In TCM, food preparation methods impact the energetics of a dish. Baking the kugel gently warms the food, making it easier to digest and less greasy than frying. This aligns with the principle of avoiding excess dampness and heat in the digestive system, promoting balance during indulgent holiday celebrations.
This kugel provides a nourishing alternative to traditional recipes by emphasizing foods that tonify Qi, nourish Yin, and harmonize digestion. It’s a perfect way to honor the holiday’s themes of light, warmth, and resilience while supporting the body during winter.
Servings: 8 | Prep Time: 10 minutes | Cook Time: 1 hour
Ingredients:
Kugel
- 1 ½ pounds sweet potatoes (2 medium), peeled and coarsely grated or spiralized
- 1 ½ pounds parsnips (2 large), peeled and coarsely grated or spiralized
- 1 large Vidalia onion peeled, halved, and thinly sliced
- 6 eggs beaten
- 2 tsp Sea salt
- ¼ cup olive oil
- ⅓ cup Coconut flour
- ½ tsp Baking powder
Aioli
- 2 egg yolks
- 1 tsp Dijon mustard
- 1 tbsp Lemon juice
- ⅛ tsp cayenne pepper
- 1 small Garlic cloveminced
- ¼ cup olive oil
- ¼ cup coconut oil melted at room temperature
- ½ tsp Sea salt
Instructions:
- Preheat the oven to 350°F, and place a 10-inch cast-iron skillet inside.
- In a large mixing bowl, stir together the potatoes, parsnips, onion, eggs, salt, and olive oil until well-combined. Sprinkle in the coconut flour and baking powder and fold until just incorporated.
- Remove the pan from the oven, and brush it with olive oil. Add the potato mixture, smoothing it out so that it is as even as possible. Bake for 1 hour, or until the kugel is golden brown and crunchy on top and the center is tender.

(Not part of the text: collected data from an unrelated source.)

(* Let $d\ge 7$, let $G$ be a $d$-regular graph with girth $5$, let $x\in V(G)$ with neighbors $x_1,\dots,x_d$ (in this fixed order) and bunches $X_t=N(x_t)\setminus\{x\}$, $t\in[d]$. Fix $i$ with $2\le i\le d$ and suppose every vertex of $X_i$ has backward degree at most $1$. Suppose $c$ is a proper partial coloring of $G$ defined on $N[x]\cup\bigcup_{t\in[i-1]}X_t$ with $c(x)=d+1$, $c(x_t)=t$ for all $t\in[d]$, and such that for each $t\in[i-1]$ the vertices of $X_t$ receive pairwise distinct colors from $[d]\setminus\{t\}$ (so that $x,x_1,\dots,x_{i-1}$ are b-vertices of colors $d+1,1,\dots,i-1$). Then $c$ can be extended to a proper partial coloring on $N[x]\cup\bigcup_{t\in[i]}X_t$ in which the vertices of $X_i$ receive pairwise distinct colors from $[d]\setminus\{i\}$, so that $x_i$ is also a b-vertex (of color $i$).
   Context: $[k]=\{1,\dots,k\}$. The $i$-th bunch of $x$ is $X_i=N(x_i)\setminus\{x\}$, which has $d-1$ vertices. With respect to the ordering $x_1,\dots,x_d$, the backward degree of a vertex $v\in X_i$ is the number of neighbors of $v$ in $X_1\cup\dots\cup X_{i-1}$. A vertex $v$ is a b-vertex of a (partial) coloring with colors $[d+1]$ if all $d+1$ colors appear on its closed neighborhood $N[v]$. *)

From mathcomp Require Import all_boot.
Set Implicit Arguments. Unset Strict Implicit. Unset Printing Implicit Defensive.

Definition simple_graph (T : finType) (e : rel T) : Prop :=
  symmetric e /\ irreflexive e.

Definition nbhd (T : finType) (e : rel T) (v : T) : {set T} := [set w | e v w].

Definition regular (T : finType) (e : rel T) (d : nat) : Prop :=
  forall v : T, #|nbhd e v| = d.

Definition has_cycle_of_length (T : finType) (e : rel T) (k : nat) : Prop :=
  3 <= k /\ exists f : nat -> T,
    {in [pred j | j < k] &, injective f} /\
    forall j, j < k -> e (f j) (f (j.+1 %% k)).

Definition girth_eq (T : finType) (e : rel T) (g : nat) : Prop :=
  (forall k, k < g -> ~ has_cycle_of_length e k) /\ has_cycle_of_length e g.

(* the t-th bunch of x, with neighbours listed by xn : nat -> T (1-indexed) *)
Definition bunch (T : finType) (e : rel T) (x : T) (xn : nat -> T) (t : nat)
  : {set T} := nbhd e (xn t) :\ x.

Definition bunches_upto (T : finType) (e : rel T) (x : T) (xn : nat -> T)
  (k : nat) : {set T} := \bigcup_(1 <= t < k.+1) bunch e x xn t.

Definition backward_degree (T : finType) (e : rel T) (x : T) (xn : nat -> T)
  (i : nat) (v : T) : nat :=
  #|nbhd e v :&: bunches_upto e x xn i.-1|.

(* partial colorings: c v = None means v is uncolored *)
Definition proper_partial (T : finType) (e : rel T) (c : T -> option nat) : Prop :=
  forall u v a b, e u v -> c u = Some a -> c v = Some b -> a <> b.

Definition partial_coloring_on (T : finType) (e : rel T) (k : nat)
  (c : T -> option nat) (D : {set T}) : Prop :=
  proper_partial e c /\
  (forall v, (v \in D) <-> c v <> None) /\
  (forall v a, c v = Some a -> 1 <= a <= k).

Definition rainbow_avoiding (T : finType) (c : T -> option nat) (X : {set T})
  (d t : nat) : Prop :=
  (forall v, v \in X -> exists a, c v = Some a /\ 1 <= a <= d /\ a <> t) /\
  (forall u v, u \in X -> v \in X -> c u = c v -> u = v).

From mathcomp Require Import all_boot zify.
Set Implicit Arguments. Unset Strict Implicit. Unset Printing Implicit Defensive.

(* A vertex v of X_i is adjacent neither to x nor to any x_t with t <> i (girth 5), and
   by the backward-degree hypothesis it has at most one neighbour in X_1, ..., X_{i-1}.
   So its coloured neighbours forbid only the colour i and at most one more colour, its
   "back colour". Colouring X_i rainbow from [d] \ {i} is then a bijection between d-1
   vertices and d-1 colours in which each vertex misses at most one colour; it exists
   unless some colour a is the back colour of every vertex of X_i. But then the earlier
   neighbours of colour a are pairwise distinct (two equal ones would close a 4-cycle
   through x_i) and lie in distinct bunches X_t with t <> a, since those bunches are
   rainbow and avoid colour t: d-1 vertices for only d-2 admissible bunches. *)

Lemma bigcup_natP (T : finType) (m n : nat) (F : nat -> {set T}) w :
  reflect (exists2 t, m <= t < n & w \in F t) (w \in \bigcup_(m <= t < n) F t).
Proof.
apply: (iffP idP) => [|[t tmn wF]].
  rewrite big_seq_cond; elim/big_rec: _ => [|t A /andP[tmn _] IH]; first by rewrite inE.
  by case/setUP => [wF|/IH//]; exists t; rewrite // -mem_index_iota.
by rewrite (big_rem t) ?mem_index_iota //= inE wF.
Qed.

Lemma cycle_has_cycle_of_length (T : finType) (e : rel T) (s : seq T) :
  3 <= size s -> uniq s -> cycle e s -> has_cycle_of_length e (size s).
Proof.
case: s => [//|y p] size_s uniq_s /(pathP y) cyc; split => //.
exists (nth y (y :: p)); split.
  by move=> j k; rewrite !inE => js ks /eqP; rewrite nth_uniq // => /eqP.
move=> j js; have := cyc j; rewrite size_rcons -rcons_cons => /(_ js).
rewrite !nth_rcons js /=.
case: ltnP => [jp | pj]; first by rewrite modn_small ?ltnS.
have -> : j = size p by move: js => /= js; lia.
by rewrite eqxx modnn.
Qed.

Section GirthAtLeastFive.

Variables (T : finType) (e : rel T).
Hypotheses (e_simple : simple_graph e)
  (e_girth : forall k, k < 5 -> ~ has_cycle_of_length e k).

Lemma edge_neq u v : e u v -> u != v.
Proof. by case: e_simple => _ e_irr euv; apply: contraTneq euv => ->; rewrite e_irr. Qed.

Lemma triangle_free a b c : e a b -> e b c -> ~~ e c a.
Proof.
move=> eab ebc; apply/negP => eca; apply: (e_girth (isT : 3 < 5)).
apply: (@cycle_has_cycle_of_length _ e [:: a; b; c]) => //=; last by rewrite eab ebc eca.
by rewrite !inE negb_or (edge_neq eab) (edge_neq ebc) eq_sym (edge_neq eca).
Qed.

Lemma common_nbr_unique a c b b' : a != c ->
  e a b -> e b c -> e a b' -> e b' c -> b = b'.
Proof.
have [e_sym _] := e_simple.
move=> ac eab ebc eab' eb'c; case: (eqVneq b b') => // bb'.
case: (e_girth (isT : 4 < 5)).
apply: (@cycle_has_cycle_of_length _ e [:: a; b; c; b']) => //=.
  rewrite !inE !negb_or ac bb' (edge_neq eab) (edge_neq ebc) (edge_neq eab') /=.
  by rewrite eq_sym (edge_neq eb'c).
by rewrite eab ebc e_sym eb'c e_sym eab'.
Qed.

End GirthAtLeastFive.

Section AvoidingAssignment.

Variables (T C : eqType) (f : T -> option C).

(* [f u] is the colour forbidden for [u], if any. *)
Definition colors_allowed (S : seq T) (L : seq C) :=
  {in L, forall a, has (fun u => f u != Some a) S}.

Lemma colors_allowed_rem S L : uniq S -> uniq L -> size S = size L -> 0 < size L ->
  colors_allowed S L ->
  exists a u, [/\ a \in L, u \in S, f u != Some a & colors_allowed (rem u S) (rem a L)].
Proof.
move=> uniqS uniqL sizeSL L_gt0 allowed.
have [a aL] : exists a, a \in L.
  by case: L L_gt0 {uniqL sizeSL allowed} => // a L; exists a; rewrite mem_head.
have /hasP[u uS fu] := allowed a aL.
(* If removing [u] leaves a colour [b] forbidden for every remaining vertex, then [u] is
   the only vertex allowed [b], and [u] takes [b] instead of [a]. *)
case: (boolP (has (fun b => all (fun w => f w == Some b) (rem u S)) (rem a L)))
  => [|/hasPn free].
  case/hasP=> b baL /allP forbid_b; have bL := mem_rem baL.
  exists b, u; split => //.
    have /hasP[w wS fw] := allowed b bL; case: (eqVneq w u) fw => [-> //| wu].
    by rewrite (eqP (forbid_b w _)) ?eqxx // (mem_rem_uniq _ uniqS) inE wu.
  move=> b' b'bL; case Su: (rem u S) forbid_b => [|w S'] forbid_b.
    by move: baL; have := size_rem uS; rewrite Su sizeSL -(size_rem aL) => /esym/size0nil ->.
  apply/hasP; exists w; rewrite ?mem_head // (eqP (forbid_b w _)) ?mem_head //.
  by move: b'bL; rewrite (mem_rem_uniq _ uniqL) inE eq_sym => /andP[].
by exists a, u; split => // b /free; rewrite -has_predC.
Qed.

Lemma avoiding_injection (c0 : C) S L : uniq S -> uniq L -> size S = size L ->
  colors_allowed S L ->
  exists s : T -> C, {in S, forall u, s u \in L /\ f u != Some (s u)} /\ {in S &, injective s}.
Proof.
move sizeS: (size S) => n; elim: n S L sizeS => [|n IH] S L sizeS uniqS uniqL sizeSL allowed.
  by exists (fun=> c0); rewrite (size0nil sizeS).
have [|a [u [aL uS fu allowed']]] :=
  colors_allowed_rem uniqS uniqL (etrans sizeS sizeSL) _ allowed; first by rewrite -sizeSL.
have [||s [s_ok s_inj]] :=
  IH (rem u S) (rem a L) _ (rem_uniq u uniqS) (rem_uniq a uniqL) _ allowed'.
- by rewrite size_rem // sizeS.
- by rewrite size_rem // -sizeSL.
have memS v : v \in S -> v != u -> v \in rem u S by rewrite (mem_rem_uniq _ uniqS) inE => vS ->.
have s_neq_a v : v \in S -> v != u -> s v != a.
  move=> vS vu; have [+ _] := s_ok v (memS v vS vu).
  by rewrite (mem_rem_uniq _ uniqL) inE => /andP[].
exists (fun v => if v == u then a else s v); split.
  move=> v vS; case: eqP => [-> //| /eqP vu].
  by have [/mem_rem + ->] := s_ok v (memS v vS vu).
move=> v w vS wS /=; case: (eqVneq v u) => [->|vu]; case: (eqVneq w u) => [->|wu] //.
- by move=> au; move: (s_neq_a w wS wu); rewrite au eqxx.
- by move=> su; move: (s_neq_a v vS vu); rewrite su eqxx.
- by apply: s_inj; apply: memS.
Qed.

End AvoidingAssignment.

Lemma bunches_upto_pred (T : finType) (e : rel T) x xn k : 0 < k ->
  bunches_upto e x xn k = bunches_upto e x xn k.-1 :|: bunch e x xn k.
Proof. by case: k => // k _; rewrite /bunches_upto big_nat_recr. Qed.

Section ExtendColoring.

Variables (T : finType) (e : rel T) (X : {set T}) (s : T -> nat) (c : T -> option nat).

Definition extend_on v := if v \in X then Some (s v) else c v.

Lemma extend_on_coloring k D : simple_graph e -> partial_coloring_on e k c D ->
  {in X, forall v, 1 <= s v <= k} -> {in X &, injective s} ->
  (forall u v b, u \in X -> e u v -> c v = Some b -> s u != b) ->
  partial_coloring_on e k extend_on (D :|: X).
Proof.
move=> [e_sym e_irr] [c_proper [c_dom c_range]] s_range s_inj s_compat; rewrite /extend_on.
split; [|split].
- move=> u v a b euv; case: ifP => uX; case: ifP => vX.
  + by move=> [<-] [<-] /(s_inj _ _ uX vX) uv; rewrite uv e_irr in euv.
  + by move=> [<-] cv; apply/eqP; apply: s_compat cv.
  + by move=> cu [<-]; apply/nesym/eqP; apply: s_compat cu; rewrite // e_sym.
  + exact: c_proper.
- by move=> v; rewrite in_setU; case: ifP => vX; rewrite ?orbT ?orbF.
- by move=> v a; case: ifP => [vX [<-]|_ /c_range]; first exact: s_range.
Qed.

- While the kugel is baking, make the aioli: In a small mixing bowl or food processor, whisk or pulse the egg yolks, mustard, lemon juice, cayenne, and garlic until smooth. Working slowly, add 1 teaspoon of the olive oil and whisk or pulse until incorporated. Repeat with 3 additional teaspoons. Once the oil is taking, slowly drizzle in the remaining olive oil, followed by the coconut oil, whisking or pulsing throughout. Once the mixture is thick, season with the salt.
- Cut into wedges and serve with the aioli.